Description of the task: Only one stretch of the data below is needed. Output the lines from the one with "have [jl | lj']" up to and including the one with "triangular, and that of V is dV. *)", exactly as they stand.
:: Available records
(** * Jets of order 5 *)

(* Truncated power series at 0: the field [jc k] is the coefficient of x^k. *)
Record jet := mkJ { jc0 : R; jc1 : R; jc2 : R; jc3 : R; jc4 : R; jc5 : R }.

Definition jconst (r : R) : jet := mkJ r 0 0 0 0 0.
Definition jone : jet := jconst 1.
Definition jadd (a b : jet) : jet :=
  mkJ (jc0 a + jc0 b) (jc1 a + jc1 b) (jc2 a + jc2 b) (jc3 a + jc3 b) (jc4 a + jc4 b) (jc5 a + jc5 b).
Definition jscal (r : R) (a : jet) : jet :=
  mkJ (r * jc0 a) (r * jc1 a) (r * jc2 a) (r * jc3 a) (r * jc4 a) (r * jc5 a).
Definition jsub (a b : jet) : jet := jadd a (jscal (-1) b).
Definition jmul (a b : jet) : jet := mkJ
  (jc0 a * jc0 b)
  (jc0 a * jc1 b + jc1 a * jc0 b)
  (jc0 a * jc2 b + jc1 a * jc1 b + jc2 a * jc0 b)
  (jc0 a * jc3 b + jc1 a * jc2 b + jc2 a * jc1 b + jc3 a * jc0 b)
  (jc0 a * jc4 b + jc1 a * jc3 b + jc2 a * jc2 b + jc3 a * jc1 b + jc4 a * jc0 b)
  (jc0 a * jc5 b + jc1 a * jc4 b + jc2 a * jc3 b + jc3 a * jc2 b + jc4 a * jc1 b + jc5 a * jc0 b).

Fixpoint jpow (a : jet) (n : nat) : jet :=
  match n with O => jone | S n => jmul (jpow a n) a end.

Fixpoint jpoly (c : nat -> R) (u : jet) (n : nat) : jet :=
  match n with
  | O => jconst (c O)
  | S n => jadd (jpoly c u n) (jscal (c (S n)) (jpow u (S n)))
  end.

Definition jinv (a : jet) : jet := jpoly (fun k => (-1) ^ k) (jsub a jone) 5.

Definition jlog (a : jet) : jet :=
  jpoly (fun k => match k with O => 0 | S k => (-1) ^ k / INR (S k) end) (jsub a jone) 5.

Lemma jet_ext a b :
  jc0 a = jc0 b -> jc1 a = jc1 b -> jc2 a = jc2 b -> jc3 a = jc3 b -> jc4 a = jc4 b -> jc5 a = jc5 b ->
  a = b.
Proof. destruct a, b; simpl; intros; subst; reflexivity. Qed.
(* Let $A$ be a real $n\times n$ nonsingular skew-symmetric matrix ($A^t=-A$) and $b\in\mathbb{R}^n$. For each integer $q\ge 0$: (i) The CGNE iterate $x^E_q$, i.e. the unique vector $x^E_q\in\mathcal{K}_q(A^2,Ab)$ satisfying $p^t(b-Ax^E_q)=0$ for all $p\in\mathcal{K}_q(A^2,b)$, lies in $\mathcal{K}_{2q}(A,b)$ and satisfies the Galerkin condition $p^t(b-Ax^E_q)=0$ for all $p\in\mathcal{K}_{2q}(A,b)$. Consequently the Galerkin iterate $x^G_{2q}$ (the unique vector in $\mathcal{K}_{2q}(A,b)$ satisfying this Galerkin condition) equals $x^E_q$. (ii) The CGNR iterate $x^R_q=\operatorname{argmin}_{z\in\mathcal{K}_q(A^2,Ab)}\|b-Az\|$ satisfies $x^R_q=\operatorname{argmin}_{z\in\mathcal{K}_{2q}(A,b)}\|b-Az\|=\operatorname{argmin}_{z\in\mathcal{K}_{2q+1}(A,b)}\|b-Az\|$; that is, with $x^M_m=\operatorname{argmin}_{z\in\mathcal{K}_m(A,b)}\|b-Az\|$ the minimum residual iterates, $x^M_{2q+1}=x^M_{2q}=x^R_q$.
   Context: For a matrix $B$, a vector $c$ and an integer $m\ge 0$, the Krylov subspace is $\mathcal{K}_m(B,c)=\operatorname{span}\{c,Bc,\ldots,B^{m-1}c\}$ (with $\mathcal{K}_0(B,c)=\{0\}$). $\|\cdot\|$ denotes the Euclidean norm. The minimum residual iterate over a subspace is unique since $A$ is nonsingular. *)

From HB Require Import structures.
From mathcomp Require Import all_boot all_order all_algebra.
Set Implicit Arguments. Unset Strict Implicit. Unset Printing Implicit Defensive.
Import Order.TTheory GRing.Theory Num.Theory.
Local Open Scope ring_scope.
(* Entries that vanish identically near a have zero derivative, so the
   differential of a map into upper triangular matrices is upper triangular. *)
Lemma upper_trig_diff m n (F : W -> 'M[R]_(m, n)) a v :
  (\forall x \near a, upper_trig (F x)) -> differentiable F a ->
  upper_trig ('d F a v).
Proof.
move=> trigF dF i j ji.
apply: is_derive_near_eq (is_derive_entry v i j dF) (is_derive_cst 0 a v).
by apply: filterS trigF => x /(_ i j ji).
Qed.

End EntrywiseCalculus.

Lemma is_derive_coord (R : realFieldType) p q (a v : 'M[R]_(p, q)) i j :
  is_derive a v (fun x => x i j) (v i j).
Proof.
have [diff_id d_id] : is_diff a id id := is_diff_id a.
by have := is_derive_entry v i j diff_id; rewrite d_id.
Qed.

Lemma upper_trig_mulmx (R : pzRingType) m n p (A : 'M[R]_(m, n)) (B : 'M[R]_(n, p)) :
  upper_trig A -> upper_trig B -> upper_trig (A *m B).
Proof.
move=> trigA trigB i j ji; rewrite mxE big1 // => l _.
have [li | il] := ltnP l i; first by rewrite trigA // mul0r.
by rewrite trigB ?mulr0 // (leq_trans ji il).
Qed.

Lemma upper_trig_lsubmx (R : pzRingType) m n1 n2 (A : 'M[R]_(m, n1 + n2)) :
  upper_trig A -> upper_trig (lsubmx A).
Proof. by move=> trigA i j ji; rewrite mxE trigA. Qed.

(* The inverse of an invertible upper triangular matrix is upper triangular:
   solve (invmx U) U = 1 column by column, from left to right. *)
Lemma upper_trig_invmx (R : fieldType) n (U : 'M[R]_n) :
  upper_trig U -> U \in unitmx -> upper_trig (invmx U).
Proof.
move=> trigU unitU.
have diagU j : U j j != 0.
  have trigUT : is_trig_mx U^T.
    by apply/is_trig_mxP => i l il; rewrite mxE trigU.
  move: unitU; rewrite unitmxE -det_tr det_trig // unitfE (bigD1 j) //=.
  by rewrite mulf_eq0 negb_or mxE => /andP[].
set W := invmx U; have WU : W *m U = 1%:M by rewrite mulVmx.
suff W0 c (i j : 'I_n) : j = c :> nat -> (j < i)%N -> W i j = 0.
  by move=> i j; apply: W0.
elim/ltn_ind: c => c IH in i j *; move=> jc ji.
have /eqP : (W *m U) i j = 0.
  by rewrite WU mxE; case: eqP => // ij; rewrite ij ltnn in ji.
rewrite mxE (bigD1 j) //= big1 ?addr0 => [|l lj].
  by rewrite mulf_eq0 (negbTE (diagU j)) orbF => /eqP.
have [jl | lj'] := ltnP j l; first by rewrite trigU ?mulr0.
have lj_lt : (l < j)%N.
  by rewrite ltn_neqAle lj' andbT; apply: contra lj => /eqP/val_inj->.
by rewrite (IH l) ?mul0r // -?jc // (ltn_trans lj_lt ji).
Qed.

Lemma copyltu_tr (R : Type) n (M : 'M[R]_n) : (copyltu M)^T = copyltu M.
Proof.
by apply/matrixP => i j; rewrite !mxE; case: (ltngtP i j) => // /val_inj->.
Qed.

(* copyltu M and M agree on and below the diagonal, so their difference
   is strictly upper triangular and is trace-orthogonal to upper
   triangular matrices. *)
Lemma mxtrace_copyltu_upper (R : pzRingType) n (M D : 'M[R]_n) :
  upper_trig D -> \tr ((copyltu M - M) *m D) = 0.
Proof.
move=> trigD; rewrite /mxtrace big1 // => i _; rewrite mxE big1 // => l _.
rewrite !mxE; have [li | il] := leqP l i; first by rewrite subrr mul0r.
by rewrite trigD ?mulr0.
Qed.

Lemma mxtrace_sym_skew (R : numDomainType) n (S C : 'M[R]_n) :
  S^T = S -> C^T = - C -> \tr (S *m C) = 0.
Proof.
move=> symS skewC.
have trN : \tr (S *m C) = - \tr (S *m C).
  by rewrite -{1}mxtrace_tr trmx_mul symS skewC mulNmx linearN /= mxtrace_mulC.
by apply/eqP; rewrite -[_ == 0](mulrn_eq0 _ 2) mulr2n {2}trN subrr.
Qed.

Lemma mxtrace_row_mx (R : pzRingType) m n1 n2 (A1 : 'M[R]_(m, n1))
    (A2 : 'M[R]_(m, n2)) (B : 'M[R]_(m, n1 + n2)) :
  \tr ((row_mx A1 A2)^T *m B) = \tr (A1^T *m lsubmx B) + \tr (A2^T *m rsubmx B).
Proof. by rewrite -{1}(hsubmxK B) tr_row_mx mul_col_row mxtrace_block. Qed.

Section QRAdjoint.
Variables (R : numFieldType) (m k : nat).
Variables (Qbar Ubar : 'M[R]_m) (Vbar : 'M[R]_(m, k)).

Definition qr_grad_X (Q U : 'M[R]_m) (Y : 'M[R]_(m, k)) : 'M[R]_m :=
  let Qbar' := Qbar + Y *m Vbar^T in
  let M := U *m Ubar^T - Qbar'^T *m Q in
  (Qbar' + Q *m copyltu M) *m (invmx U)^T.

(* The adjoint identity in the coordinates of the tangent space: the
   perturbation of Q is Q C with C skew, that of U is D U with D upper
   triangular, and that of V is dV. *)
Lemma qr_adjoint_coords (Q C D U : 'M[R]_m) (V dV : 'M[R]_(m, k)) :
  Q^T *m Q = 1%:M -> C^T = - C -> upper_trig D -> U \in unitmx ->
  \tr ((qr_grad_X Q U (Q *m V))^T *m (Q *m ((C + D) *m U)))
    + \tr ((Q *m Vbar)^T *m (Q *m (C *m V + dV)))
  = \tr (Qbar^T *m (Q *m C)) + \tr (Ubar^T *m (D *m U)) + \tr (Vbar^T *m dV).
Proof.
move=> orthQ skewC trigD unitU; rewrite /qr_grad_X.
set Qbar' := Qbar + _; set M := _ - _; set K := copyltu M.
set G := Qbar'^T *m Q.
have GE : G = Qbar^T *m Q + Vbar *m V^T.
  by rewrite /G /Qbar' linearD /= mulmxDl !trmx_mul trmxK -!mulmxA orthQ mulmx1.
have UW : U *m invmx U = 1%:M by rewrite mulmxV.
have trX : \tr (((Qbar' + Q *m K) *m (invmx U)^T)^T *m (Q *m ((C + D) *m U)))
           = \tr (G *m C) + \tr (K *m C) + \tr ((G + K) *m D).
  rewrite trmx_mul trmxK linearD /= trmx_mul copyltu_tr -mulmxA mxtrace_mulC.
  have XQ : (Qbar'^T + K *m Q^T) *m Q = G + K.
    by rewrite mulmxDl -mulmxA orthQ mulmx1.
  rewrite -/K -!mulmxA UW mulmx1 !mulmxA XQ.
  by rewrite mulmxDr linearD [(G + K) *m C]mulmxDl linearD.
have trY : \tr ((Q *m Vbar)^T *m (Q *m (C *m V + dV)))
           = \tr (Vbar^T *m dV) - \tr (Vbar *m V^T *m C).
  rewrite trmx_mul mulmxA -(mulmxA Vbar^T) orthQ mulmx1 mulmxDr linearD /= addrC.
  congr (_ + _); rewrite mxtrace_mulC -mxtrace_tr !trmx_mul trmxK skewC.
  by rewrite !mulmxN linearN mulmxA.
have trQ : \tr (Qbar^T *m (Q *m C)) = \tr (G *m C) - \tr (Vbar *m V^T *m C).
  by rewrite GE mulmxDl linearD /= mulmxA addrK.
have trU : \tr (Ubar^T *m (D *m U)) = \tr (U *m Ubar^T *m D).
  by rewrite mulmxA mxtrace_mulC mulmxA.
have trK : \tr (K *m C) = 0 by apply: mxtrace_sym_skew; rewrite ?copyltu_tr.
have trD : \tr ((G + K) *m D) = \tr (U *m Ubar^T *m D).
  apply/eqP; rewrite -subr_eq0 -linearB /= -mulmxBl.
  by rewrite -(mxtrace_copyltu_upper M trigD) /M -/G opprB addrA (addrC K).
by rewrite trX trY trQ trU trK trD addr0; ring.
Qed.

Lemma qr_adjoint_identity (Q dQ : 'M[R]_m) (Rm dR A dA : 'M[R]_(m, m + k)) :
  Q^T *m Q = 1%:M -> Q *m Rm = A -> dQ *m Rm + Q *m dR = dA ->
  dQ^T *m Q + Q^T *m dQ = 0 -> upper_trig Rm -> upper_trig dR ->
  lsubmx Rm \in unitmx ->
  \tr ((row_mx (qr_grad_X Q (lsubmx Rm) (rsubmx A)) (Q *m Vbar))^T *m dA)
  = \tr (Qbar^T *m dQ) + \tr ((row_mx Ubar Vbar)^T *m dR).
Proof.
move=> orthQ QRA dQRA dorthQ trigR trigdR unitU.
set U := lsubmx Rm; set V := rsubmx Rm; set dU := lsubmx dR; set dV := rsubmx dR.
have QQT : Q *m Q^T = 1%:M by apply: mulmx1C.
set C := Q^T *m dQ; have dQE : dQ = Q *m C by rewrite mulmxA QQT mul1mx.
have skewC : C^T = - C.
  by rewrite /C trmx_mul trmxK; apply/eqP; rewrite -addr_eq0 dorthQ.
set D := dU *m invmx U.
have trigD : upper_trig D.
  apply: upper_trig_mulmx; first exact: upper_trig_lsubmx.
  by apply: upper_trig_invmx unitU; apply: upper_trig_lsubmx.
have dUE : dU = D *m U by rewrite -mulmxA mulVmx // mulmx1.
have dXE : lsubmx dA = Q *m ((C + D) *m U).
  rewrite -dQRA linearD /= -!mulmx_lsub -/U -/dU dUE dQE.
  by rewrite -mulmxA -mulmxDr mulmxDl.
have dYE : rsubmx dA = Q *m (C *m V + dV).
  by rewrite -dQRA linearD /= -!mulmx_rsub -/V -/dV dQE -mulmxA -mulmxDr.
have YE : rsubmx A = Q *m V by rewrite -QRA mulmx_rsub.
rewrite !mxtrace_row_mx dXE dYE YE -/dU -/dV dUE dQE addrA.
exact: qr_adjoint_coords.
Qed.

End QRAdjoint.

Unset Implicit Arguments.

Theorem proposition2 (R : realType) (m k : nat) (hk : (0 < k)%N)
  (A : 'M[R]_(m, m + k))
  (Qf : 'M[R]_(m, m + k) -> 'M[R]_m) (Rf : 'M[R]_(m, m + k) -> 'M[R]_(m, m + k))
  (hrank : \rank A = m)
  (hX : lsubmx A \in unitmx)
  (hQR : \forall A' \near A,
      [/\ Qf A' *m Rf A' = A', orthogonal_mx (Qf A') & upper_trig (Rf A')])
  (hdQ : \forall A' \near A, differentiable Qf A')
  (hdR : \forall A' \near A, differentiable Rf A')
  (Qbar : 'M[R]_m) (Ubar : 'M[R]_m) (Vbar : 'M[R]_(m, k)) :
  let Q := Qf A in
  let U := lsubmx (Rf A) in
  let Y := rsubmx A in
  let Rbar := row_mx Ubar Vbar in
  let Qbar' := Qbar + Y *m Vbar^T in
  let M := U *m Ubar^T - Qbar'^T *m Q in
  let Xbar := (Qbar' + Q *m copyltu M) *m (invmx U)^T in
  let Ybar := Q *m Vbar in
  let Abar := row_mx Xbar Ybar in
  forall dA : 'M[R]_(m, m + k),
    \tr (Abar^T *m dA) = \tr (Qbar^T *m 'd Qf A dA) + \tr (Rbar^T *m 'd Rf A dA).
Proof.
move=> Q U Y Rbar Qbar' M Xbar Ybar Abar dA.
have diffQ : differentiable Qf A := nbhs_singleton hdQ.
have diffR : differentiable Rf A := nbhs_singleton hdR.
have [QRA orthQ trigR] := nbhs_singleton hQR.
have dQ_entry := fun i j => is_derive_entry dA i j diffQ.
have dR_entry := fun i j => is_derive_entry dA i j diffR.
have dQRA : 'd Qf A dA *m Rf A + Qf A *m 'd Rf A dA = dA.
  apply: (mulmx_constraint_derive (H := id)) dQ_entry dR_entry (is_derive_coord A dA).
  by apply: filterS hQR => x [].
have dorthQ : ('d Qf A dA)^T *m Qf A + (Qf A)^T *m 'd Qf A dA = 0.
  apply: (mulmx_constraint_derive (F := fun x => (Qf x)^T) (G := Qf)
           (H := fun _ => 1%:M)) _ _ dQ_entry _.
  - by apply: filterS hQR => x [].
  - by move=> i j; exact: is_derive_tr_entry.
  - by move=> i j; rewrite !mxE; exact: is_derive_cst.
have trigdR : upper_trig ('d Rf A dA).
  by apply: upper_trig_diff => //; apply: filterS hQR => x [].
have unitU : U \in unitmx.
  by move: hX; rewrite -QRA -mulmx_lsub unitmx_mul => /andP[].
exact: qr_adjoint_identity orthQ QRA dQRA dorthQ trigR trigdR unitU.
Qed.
::::
Solution to this problem:
have [jl | lj'] := ltnP j l; first by rewrite trigU ?mulr0.
have lj_lt : (l < j)%N.
  by rewrite ltn_neqAle lj' andbT; apply: contra lj => /eqP/val_inj->.
by rewrite (IH l) ?mul0r // -?jc // (ltn_trans lj_lt ji).
Qed.

Lemma copyltu_tr (R : Type) n (M : 'M[R]_n) : (copyltu M)^T = copyltu M.
Proof.
by apply/matrixP => i j; rewrite !mxE; case: (ltngtP i j) => // /val_inj->.
Qed.

(* copyltu M and M agree on and below the diagonal, so their difference
   is strictly upper triangular and is trace-orthogonal to upper
   triangular matrices. *)
Lemma mxtrace_copyltu_upper (R : pzRingType) n (M D : 'M[R]_n) :
  upper_trig D -> \tr ((copyltu M - M) *m D) = 0.
Proof.
move=> trigD; rewrite /mxtrace big1 // => i _; rewrite mxE big1 // => l _.
rewrite !mxE; have [li | il] := leqP l i; first by rewrite subrr mul0r.
by rewrite trigD ?mulr0.
Qed.

Lemma mxtrace_sym_skew (R : numDomainType) n (S C : 'M[R]_n) :
  S^T = S -> C^T = - C -> \tr (S *m C) = 0.
Proof.
move=> symS skewC.
have trN : \tr (S *m C) = - \tr (S *m C).
  by rewrite -{1}mxtrace_tr trmx_mul symS skewC mulNmx linearN /= mxtrace_mulC.
by apply/eqP; rewrite -[_ == 0](mulrn_eq0 _ 2) mulr2n {2}trN subrr.
Qed.

Lemma mxtrace_row_mx (R : pzRingType) m n1 n2 (A1 : 'M[R]_(m, n1))
    (A2 : 'M[R]_(m, n2)) (B : 'M[R]_(m, n1 + n2)) :
  \tr ((row_mx A1 A2)^T *m B) = \tr (A1^T *m lsubmx B) + \tr (A2^T *m rsubmx B).
Proof. by rewrite -{1}(hsubmxK B) tr_row_mx mul_col_row mxtrace_block. Qed.

Section QRAdjoint.
Variables (R : numFieldType) (m k : nat).
Variables (Qbar Ubar : 'M[R]_m) (Vbar : 'M[R]_(m, k)).

Definition qr_grad_X (Q U : 'M[R]_m) (Y : 'M[R]_(m, k)) : 'M[R]_m :=
  let Qbar' := Qbar + Y *m Vbar^T in
  let M := U *m Ubar^T - Qbar'^T *m Q in
  (Qbar' + Q *m copyltu M) *m (invmx U)^T.

(* The adjoint identity in the coordinates of the tangent space: the
   perturbation of Q is Q C with C skew, that of U is D U with D upper
   triangular, and that of V is dV. *)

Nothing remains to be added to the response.